## [Task requirements]
Please state the number of lines in the entries below where the word "JwSplitAction" appears. Include nothing else.

Stored data entries:
= = =

Lemma cond_pi_transp :
  φ ∗ (t' ◁ ω) = Wmu M W ∗ phit φ ∗ etaw M' (W ⊙ t) ∗ (ω ▷ t) ∗ ψ
  <-> aW ∗ (t' ◁ wv) = act_idem aW ∗ wv ∗ aV.
Proof.
  split; intro H.
  - apply (f_equal (vtransp M E)) in H.
    rewrite vtransp_phi_whl, vtransp_kleisli_unit, vtransp_whr_psi, !vcompA in H.
    apply vcomp_eqcell_cancel in H. rewrite <- !vcompA in H. exact H.
  - apply (vtransp_inj M E).
    rewrite vtransp_phi_whl, vtransp_kleisli_unit, vtransp_whr_psi, H, <- !vcompA.
    reflexivity.
Qed.

Lemma cond_transp :
  φ ∗ (t' ◁ ω) = (ω ▷ t) ∗ ψ <-> aW ∗ (t' ◁ wv) = wv ∗ aV.
Proof.
  split; intro H.
  - apply (f_equal (vtransp M E)) in H. rewrite vtransp_phi_whl, vtransp_whr_psi in H.
    apply vcomp_eqcell_cancel in H. exact H.
  - apply (vtransp_inj M E). rewrite vtransp_phi_whl, vtransp_whr_psi, H. reflexivity.
Qed.

Lemma EMw2_iota_cell_iff (Hψ : EMw1 M M' ψ) :
  EMw2 M M' ψ φ ((ω ▷ t) ∗ ψ ∗ etaw M' V)
  <-> wv ∗ aV = aW ∗ (t' ◁ (wv ∗ act_idem aV)).
Proof.
  unfold EMw2. split.
  - intros [H _]. apply (f_equal (vtransp M E)) in H.
    rewrite vtransp_kleisli, vtransp_kleisli_act, vtransp_iota_cell, vtransp_vact,
      <- !vcompA, !vcompA in H.
    apply vcomp_eqcell_cancel in H.
    rewrite <- !vcompA, (act_idem_vact M M' E ψ Hψ) in H. exact H.
  - intro H. split.
    + apply (vtransp_inj M E).
      rewrite vtransp_kleisli, vtransp_kleisli_act, vtransp_iota_cell, vtransp_vact,
        <- !vcompA, (vcompA (act_idem aV)), (act_idem_vact M M' E ψ Hψ), (vcompA wv aV), H.
      cells_norm. reflexivity.
    + apply (vtransp_inj M E). rewrite vtransp_kleisli_unit, vtransp_iota_cell.
      symmetry. exact (act_mor_iota_idem H).
Qed.

Lemma EMw2_pi_cell_iff (Hφ : EMw1 M M' φ) :
  EMw2 M M' ψ φ (φ ∗ etaw M' W ∗ ω) <-> aW ∗ (t' ◁ wv) = act_idem aW ∗ wv ∗ aV.
Proof.
  unfold EMw2. split.
  - intros [H _]. apply (f_equal (vtransp M E)) in H.
    rewrite vtransp_kleisli, vtransp_kleisli_act, vtransp_pi_cell, vtransp_vact,
      <- !vcompA, !vcompA in H.
    apply vcomp_eqcell_cancel in H.
    rewrite <- !vcompA, whl_vcomp, (vcompA aW), (vact_whl_idem M M' E φ Hφ) in H.
    symmetry. exact H.
  - intro H. split.
    + apply (vtransp_inj M E).
      rewrite vtransp_kleisli, vtransp_kleisli_act, vtransp_pi_cell, vtransp_vact,
        whl_vcomp, <- !vcompA, (vcompA aW (t' ◁ act_idem aW)),
        (vact_whl_idem M M' E φ Hφ), (vcompA aW), H.
      cells_norm. reflexivity.
    + apply (vtransp_inj M E).
      rewrite vtransp_kleisli_unit, vtransp_pi_cell, vcompA, (vact_idem_idem M M' E φ Hφ).
      reflexivity.
Qed.

Lemma pi_cell_eq_iota_cell :
  φ ∗ (t' ◁ ω) = (ω ▷ t) ∗ ψ -> φ ∗ etaw M' W ∗ ω = (ω ▷ t) ∗ ψ ∗ etaw M' V.
Proof. intro H. rewrite (etaw_natural M' ω), vcompA, H, <- vcompA. reflexivity. Qed.

End Transport.

Section JwSplitAction.
Context {K : TwoCat} {k k' : K} {M : Monad k} {M' : Monad k'}
  (E : EMObject M) (E' : EMObject M') {V : Hom k k'}
  {ψ : Cell (mt M' ⊙ V) (V ⊙ mt M)} (Hψ : EMw1 M M' ψ)
  {Vb : Hom (emJ E) (emJ E')} {π : Cell (V ⊙ emv E) (emv E' ⊙ Vb)}
  {ι : Cell (emv E' ⊙ Vb) (V ⊙ emv E)} (HV : IsJw E E' ψ Vb π ι).

Lemma Jw_split : ι ∗ π = act_idem (vact M M' E ψ).
Proof.
  destruct HV as [H _]. rewrite H. unfold act_idem, vact. rewrite <- !vcompA.
  reflexivity.
Qed.

Definition Jw_split_action : split_action M' (V ⊙ emv E) (emv E' ⊙ Vb) := {|
  sa_act := vact M M' E ψ;
  sa_iota := ι;
  sa_pi := π;
  sa_act_idem := vact_whl_idem M M' E ψ Hψ;
  sa_idem_act := act_idem_vact M M' E ψ Hψ;
  sa_split := Jw_split;
  sa_retract := proj1 (proj2 HV)
|}.

Lemma canon_str_Jw : canon_str E' Vb = sa_alg Jw_split_action.
Proof.
  destruct HV as [_ [_ H]]. rewrite H. unfold sa_alg. simpl. unfold vact.
  rewrite <- !vcompA. reflexivity.
Qed.

End JwSplitAction.

Section WeakLiftings.
Context {K : TwoCat} {k k' J J' : K} {v : Hom J k} {v' : Hom J' k'}
  {V W : Hom k k'} {Vb Wb : Hom J J'}
  (ιV : Cell (v' ⊙ Vb) (V ⊙ v)) (πV : Cell (V ⊙ v) (v' ⊙ Vb))
  (ιW : Cell (v' ⊙ Wb) (W ⊙ v)) (πW : Cell (W ⊙ v) (v' ⊙ Wb)) (ω : Cell V W).

Lemma weak_iota_lifting_whl (HW : πW ∗ ιW = id2 _) (X : Cell Vb Wb) :
  weak_iota_lifting ιV ιW ω X -> v' ◁ X = πW ∗ (ω ▷ v) ∗ ιV.
Proof. intro HX. rewrite <- HX, vcompA, HW, vcomp_idl. reflexivity. Qed.

Lemma weak_pi_lifting_whl (HV : πV ∗ ιV = id2 _) (X : Cell Vb Wb) :
  weak_pi_lifting πV πW ω X -> v' ◁ X = πW ∗ (ω ▷ v) ∗ ιV.
Proof. intro HX. rewrite vcompA, <- HX, <- vcompA, HV, vcomp_idr. reflexivity. Qed.

End WeakLiftings.

Section EMLiftings.
Context {K : TwoCat} {k' : K} {M' : Monad k'} (E' : EMObject M').

Lemma emv_whl_inj {l : K} {X Y : Hom l (emJ E')} (α β : Cell X Y) :
  emv E' ◁ α = emv E' ◁ β -> α = β.
Proof.
  intro H. destruct (em_mor (em_mor_func α)) as [γ [_ Hγ]].
  rewrite <- (Hγ α eq_refl), <- (Hγ β (eq_sym H)). reflexivity.
Qed.

Context {k J : K} {v : Hom J k} {V W : Hom k k'} {Vb Wb : Hom J (emJ E')}
  (ιV : Cell (emv E' ⊙ Vb) (V ⊙ v)) (πV : Cell (V ⊙ v) (emv E' ⊙ Vb))
  (ιW : Cell (emv E' ⊙ Wb) (W ⊙ v)) (πW : Cell (W ⊙ v) (emv E' ⊙ Wb)) (ω : Cell V W).

Local Notation ρ := (πW ∗ (ω ▷ v) ∗ ιV).

Lemma ex_weak_iota_lifting_iff (HW : πW ∗ ιW = id2 _) :
  (exists X : Cell Vb Wb, weak_iota_lifting ιV ιW ω X)
  <-> is_alg_mor M' (canon_str E' Vb) (canon_str E' Wb) ρ /\ ιW ∗ ρ = (ω ▷ v) ∗ ιV.
Proof.
  split.
  - intros [X HX]. rewrite <- (weak_iota_lifting_whl ιV ιW πW ω HW X HX).
    split; [apply em_mor_func | exact HX].
  - intros [Hmor Hι]. destruct (em_mor Hmor) as [X [HX _]].
    exists X. unfold weak_iota_lifting. rewrite HX. exact Hι.
Qed.

Lemma ex_weak_pi_lifting_iff (HV : πV ∗ ιV = id2 _) :
  (exists X : Cell Vb Wb, weak_pi_lifting πV πW ω X)
  <-> is_alg_mor M' (canon_str E' Vb) (canon_str E' Wb) ρ /\ ρ ∗ πV = πW ∗ (ω ▷ v).
Proof.
  split.
  - intros [X HX]. rewrite <- (weak_pi_lifting_whl ιV πV πW ω HV X HX).
    split; [apply em_mor_func | exact HX].
  - intros [Hmor Hπ]. destruct (em_mor Hmor) as [X [HX _]].
    exists X. unfold weak_pi_lifting. rewrite HX. exact Hπ.
Qed.

End EMLiftings.

Section Proposition43.
Context {K : TwoCat} {k k' : K} {M : Monad k} {M' : Monad k'}
  (E : EMObject M) (E' : EMObject M') {V W : Hom k k'}
  {ψ : Cell (mt M' ⊙ V) (V ⊙ mt M)} {φ : Cell (mt M' ⊙ W) (W ⊙ mt M)}
  (Hψ : EMw1 M M' ψ) (Hφ : EMw1 M M' φ)
  {Vb : Hom (emJ E) (emJ E')} {πV : Cell (V ⊙ emv E) (emv E' ⊙ Vb)}
  {ιV : Cell (emv E' ⊙ Vb) (V ⊙ emv E)} (HV : IsJw E E' ψ Vb πV ιV)
  {Wb : Hom (emJ E) (emJ E')} {πW : Cell (W ⊙ emv E) (emv E' ⊙ Wb)}
  {ιW : Cell (emv E' ⊙ Wb) (W ⊙ emv E)} (HW : IsJw E E' φ Wb πW ιW)
  (ω : Cell V W).

Local Notation t := (mt M).
Local Notation t' := (mt M').
Local Notation v := (emv E).
Local Notation v' := (emv E').
Local Notation SV := (Jw_split_action E E' Hψ HV).
Local Notation SW := (Jw_split_action E E' Hφ HW).
Local Notation ρL := (πW ∗ (ω ▷ v) ∗ ιV).
Local Notation algmor := (is_alg_mor M' (canon_str E' Vb) (canon_str E' Wb) ρL).
Local Notation ρ1 := ((ω ▷ t) ∗ ψ ∗ etaw M' V).
Local Notation ρ2 := (φ ∗ etaw M' W ∗ ω).
Local Notation cond1 :=
  ((ω ▷ t) ∗ ψ = Wmu M W ∗ phit φ ∗ (t' ◁ (ω ▷ t)) ∗ (t' ◁ ψ) ∗ (t' ◁ etaw M' V)).
Local Notation cond2 :=
  (φ ∗ (t' ◁ ω) = Wmu M W ∗ phit φ ∗ etaw M' (W ⊙ t) ∗ (ω ▷ t) ∗ ψ).
Local Notation cond3 := (φ ∗ (t' ◁ ω) = (ω ▷ t) ∗ ψ).

Lemma cond1_iff_split : cond1 <-> algmor /\ ιW ∗ ρL = (ω ▷ v) ∗ ιV.
Proof.
  rewrite (cond_iota_transp E ψ φ ω), (canon_str_Jw E E' Hψ HV), (canon_str_Jw E E' Hφ HW).
  exact (act_mor_iota_iff SV SW (ω ▷ v)).
Qed.

Lemma cond2_iff_split : cond2 <-> algmor /\ ρL ∗ πV = πW ∗ (ω ▷ v).
Proof.
  rewrite (cond_pi_transp E ψ φ ω), (canon_str_Jw E E' Hψ HV), (canon_str_Jw E E' Hφ HW).
  exact (act_mor_pi_iff SV SW (ω ▷ v)).
Qed.

Lemma cond3_iff_split : cond3 <-> algmor /\ ιW ∗ πW ∗ (ω ▷ v) = (ω ▷ v) ∗ ιV ∗ πV.
Proof.
  rewrite (cond_transp E ψ φ ω), (canon_str_Jw E E' Hψ HV), (canon_str_Jw E E' Hφ HW).
  exact (act_mor_iff SV SW (ω ▷ v)).
Qed.

Lemma cond3_iff_cond1_cond2 : cond3 <-> cond1 /\ cond2.
Proof.
  rewrite (cond_transp E ψ φ ω), (cond_iota_transp E ψ φ ω), (cond_pi_transp E ψ φ ω).
  exact (act_mor_iff_iota_pi SV SW (ω ▷ v)).
Qed.

Lemma Jw2_vtransp (ρ : Cell V (W ⊙ t)) :
  Jw2 E E' πW ιV ρ = πW ∗ vtransp M E ρ ∗ ιV.
Proof. unfold Jw2, vtransp. rewrite (vcompA (vcounit E W)). reflexivity. Qed.

Lemma Jw2_iota_cell : Jw2 E E' πW ιV ρ1 = ρL.
Proof.
  rewrite Jw2_vtransp, (vtransp_iota_cell E ψ ω), <- vcompA.
  exact (f_equal (fun x => πW ∗ (ω ▷ v) ∗ x) (sa_idem_iota SV)).
Qed.

Lemma Jw2_pi_cell : Jw2 E E' πW ιV ρ2 = ρL.
Proof.
  rewrite Jw2_vtransp, (vtransp_pi_cell E φ ω), <- vcompA, vcompA.
  exact (f_equal (fun x => x ∗ (ω ▷ v) ∗ ιV) (sa_pi_idem SW)).
Qed.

= = =

## [Written response]
2